There is only one problem... I have never done this before so I have no idea what to expect! I know it will be a fast paced, go go go type of thing... so I am prepared for that. But, I would love some feedback from anyone who has done this type of thing. Any advice would be wonderful. What do I need to bring? My brushes, e/s, lip stuff, blush mascara and all that... but what about foundations? Are any products provided at all? I will stop by MAC to get some disposable mascara and lipgloss brushes, sponges, and makeup remover towelettes... What else should I bring with me?

Sorry if I am rambling, but thank you for reading this and for any help you may be able to provide!_

 

WHen I'm doing a show, I bring all my own stuff. and lots and lots of disposable items! I only have a few foundations and mix them to create the right shade. 

But for me, its one person at a time. When one of them is late, it screws up everthing and then it becomes GO! GO! GO!.. 

You might want to write them a note, thanking them for the opportunity &  ask them what to expect so "you are prepared" as well as whats expected etc.. etc.. it sounds professional and you get your information.


----------



## miss_dre (May 14, 2008)

Thank you that was very helpful!! I will make sure to stock up on disposables! haha 
	

	
	
		
		

		
		
	


	




 The event starts next thursday so I don't think the note will be as effective as it would have been had I found out earlier about this, but it is a good idea!!


----------



## __allie__ (May 18, 2008)

i wouldn't rely on them providing any makeup (however if they do- awesome!). i'd bring your whole kit and plan to mix foundations. 

i'd recommend getting some wax paper palettes so you don't have to worry about cleaning and wiping down after each model.   also if you have multiples of each brush you use- awesome!  if not i'd invest in cinema secret's brush cleaner- it will disinfect and it dries in a minute or two with most brushes.  at the very least make sure you have lots of 99% alcohol to spray everything down with in between models because even if you use disposables it's really easy to cross contaminate products in that kind of rushed environment.   i've met models with crazy eye issues that they got from doing runway-  you definitely don't want to be that artist.  good luck!


----------



## chocolategoddes (May 21, 2008)

Honestly, I don't have any good advice... but that sounds so cool! GOOD LUCK


----------



## Ciara (May 21, 2008)

Quote:

   Originally Posted by *MACForME* 

 
_WHen I'm doing a show, I bring all my own stuff. and lots and lots of disposable items!

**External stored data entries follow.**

Lemma affine_form_step_neq (T : R -> Prop) (f : R -> R) (A B a l : R) :
  (forall z, T z -> f z = A + B * z) -> ~ const_on T f -> l <> 0 ->
  T a -> T (a + l) -> f (a + l) <> f a.
Proof.
  intros Hf Hn Hl Ta Ta1. rewrite !Hf by assumption.
  assert (HB := coef_neq_0_of_nonconst T f (fun z => z) A B Hf Hn).
  intros E. apply HB. apply (Rmult_eq_reg_r l); [| exact Hl]. lra.
Qed.

Lemma affine_of_invariant_increments (J : R -> Prop) (f : R -> R) :
  is_interval J -> cont_on J f -> (exists z, interior_pt J z) ->
  (forall s t h, J s -> J t -> J (s + h) -> J (t + h) -> f (t + h) - f (s + h) = f t - f s) ->
  exists A B, forall t, J t -> f t = A + B * t.
Proof.
  intros HJ Hc Hz Hinc.
  destruct (classic (const_on J f)) as [Hconst | Hnc].
  { destruct Hz as [z0 Hz0]. exists (f z0), 0. intros t Jt.
    rewrite (Hconst t z0 Jt (interior_pt_in J z0 HJ Hz0)). ring. }
  assert (Htr : translates_affine (interior_pt J) f).
  { intros z1 z2 z3 w I1 I2 I3 I1w I2w I3w.
    rewrite (Hinc z2 z3 w), (Hinc z2 z1 w) by (apply interior_pt_in; auto). ring. }
  destruct (exp_affine_of_translates_affine J f HJ Hc Hz Htr) as [[A [B [c [Hc0 HF]]]] | HF];
    [exfalso | exact HF].
  destruct Hz as [z0 [a [b [Ja [Jb [Ha Hb]]]]]].
  set (l := (b - a) / 2).
  assert (Hl : 0 < l) by (unfold l; lra).
  assert (Ja1 : J (a + l)) by (apply (HJ a _ b); auto; unfold l; lra).
  assert (Ja2 : J (a + l + l)) by (apply (HJ a _ b); auto; unfold l; lra).
  assert (E := Hinc a (a + l) l Ja Ja1 Ja1 Ja2).
  rewrite (exp_form_step J f A B c a l HF Ja Ja1 Ja2) in E.
  apply (exp_form_step_neq J f A B c a l HF Hnc Hc0 ltac:(lra) Ja Ja1).
  apply (Rmult_eq_reg_l (exp (c * l) - 1)); [lra |].
  apply Rminus_eq_contra, exp_neq_1, Rmult_integral_contrapositive. split; lra.
Qed.

Lemma small_step_neq (f : R -> R) (p q e : R) : p < q -> 0 < e -> f p <> f q ->
  exists u v, p <= u /\ u < v /\ v <= q /\ v - u < e /\ f u <> f v.
Proof.
  intros Hpq He Hne.
  destruct (archimed_cor1 (e / (q - p)) ltac:(apply Rdiv_lt_0_compat; lra)) as [N [HN HN0]].
  assert (HNpos : 0 < INR N) by (apply lt_0_INR; exact HN0).
  set (d := (q - p) / INR N).
  assert (Hd : 0 < d < e).
  { unfold d. split; [apply Rdiv_lt_0_compat; lra |].
    apply (Rmult_lt_reg_r (/ (q - p))); [apply Rinv_0_lt_compat; lra |].
    replace ((q - p) / INR N * / (q - p)) with (/ INR N) by (field; lra).
    replace (e * / (q - p)) with (e / (q - p)) by reflexivity. exact HN. }
  assert (Hstep : forall n, f p <> f (p + INR n * d) ->
            exists k, (k < n)%nat /\ f (p + INR k * d) <> f (p + INR (S k) * d)).
  { induction n as [| n IH]; intros Hn.
    - exfalso. apply Hn. simpl. f_equal. ring.
    - destruct (Req_dec (f p) (f (p + INR n * d))) as [Eq | Neq].
      + exists n. split; [lia |]. rewrite <- Eq. exact Hn.
      + destruct (IH Neq) as [k [Hk Hfk]]. exists k. split; [lia | exact Hfk]. }
  destruct (Hstep N) as [k [Hk Hfk]].
  { replace (p + INR N * d) with q by (unfold d; field; lra). exact Hne. }
  exists (p + INR k * d), (p + INR (S k) * d).
  assert (Hk0 : 0 <= INR k) by apply pos_INR.
  assert (HkN : INR (S k) <= INR N) by (apply le_INR; lia).
  assert (Hq : q = p + INR N * d) by (unfold d; field; lra).
  rewrite S_INR in *. repeat split; [nra .. | exact Hfk].
Qed.

Lemma max_of_three (a b c : R) :
  exists m, (m = a \/ m = b \/ m = c) /\ a <= m /\ b <= m /\ c <= m.
Proof.
  destruct (Rle_dec a b), (Rle_dec b c), (Rle_dec a c);
    first [ exists a; repeat split; auto; lra
          | exists b; repeat split; auto; lra
          | exists c; repeat split; auto; lra ].
Qed.

Lemma min_of_three (a b c : R) :
  exists m, (m = a \/ m = b \/ m = c) /\ m <= a /\ m <= b /\ m <= c.
Proof.
  destruct (max_of_three (- a) (- b) (- c)) as [m [Hm H]].
  exists (- m). split; [| lra]. destruct Hm as [-> | [-> | ->]]; lra.
Qed.

Lemma proportional_of_common_factor (X1 X1' X3 X3' Y Y' : R) :
  X1 * Y = X1' * Y' -> X3 * Y = X3' * Y' -> Y <> 0 \/ Y' <> 0 -> X3' * X1 = X3 * X1'.
Proof.
  intros E1 E3 [HY | HY].
  - apply (Rmult_eq_reg_r Y); [| exact HY].
    transitivity (X3' * (X1 * Y)); [ring |]. rewrite E1.
    transitivity (X1' * (X3' * Y')); [ring |]. rewrite <- E3. ring.
  - apply (Rmult_eq_reg_r Y'); [| exact HY].
    transitivity (X1 * (X3' * Y')); [ring |]. rewrite <- E3.
    transitivity (X3 * (X1 * Y)); [ring |]. rewrite E1. ring.
Qed.

Lemma nondecr_rises (T : R -> Prop) (f : R -> R) :
  nondecr_on T f -> ~ const_on T f -> exists u v, T u /\ T v /\ u < v /\ f u < f v.
Proof.
  intros Hm Hn. apply NNPP. intros Hno. apply Hn.
  assert (Hle : forall u v, T u -> T v -> u <= v -> f u = f v).
  { intros u v Tu Tv Huv.
    destruct (Rle_lt_or_eq_dec _ _ (Hm u v Tu Tv Huv)) as [Hlt | Heq]; [| exact Heq].
    destruct (Rle_lt_or_eq_dec _ _ Huv) as [Huv' | <-]; [| lra].
    exfalso. apply Hno. exists u, v. auto. }
  intros s t Ts Tt. destruct (Rle_dec s t); [apply Hle | symmetry; apply Hle]; auto; lra.
Qed.

Lemma nonincr_falls (T : R -> Prop) (f : R -> R) :
  nonincr_on T f -> ~ const_on T f -> exists u v, T u /\ T v /\ u < v /\ f v < f u.
Proof.
  intros Hm Hn.
  destruct (nondecr_rises T (fun t => - f t)) as [u [v [Tu [Tv [Huv Hf]]]]].
  - intros s t Ts Tt Hst. pose proof (Hm s t Ts Tt Hst). lra.
  - intros Hc. apply Hn. intros s t Ts Tt. pose proof (Hc s t Ts Tt). lra.
  - exists u, v. repeat split; auto; lra.
Qed.

Lemma cont_on_subset (T J : R -> Prop) (f : R -> R) :
  (forall t, J t -> T t) -> cont_on T f -> cont_on J f.
Proof.
  intros HJ Hc t Jt eps He. destruct (Hc t (HJ t Jt) eps He) as [d [Hd H]].
  exists d. split; auto.
Qed.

I only have a few foundations and mix them to create the right shade. 

But for me, its one person at a time. When one of them is late, it screws up everthing and then it becomes GO! GO! GO!.. 

You might want to write them a note, thanking them for the opportunity &  ask them what to expect so "you are prepared" as well as whats expected etc.. etc.. it sounds professional and you get your information._

 

In general, which foundations are must haves in your kit and what shades do you use for mixing?


----------



## _ohmygosh (May 22, 2008)

^ I'd like to know too!

Congrats and good luck *miss_dre *!


----------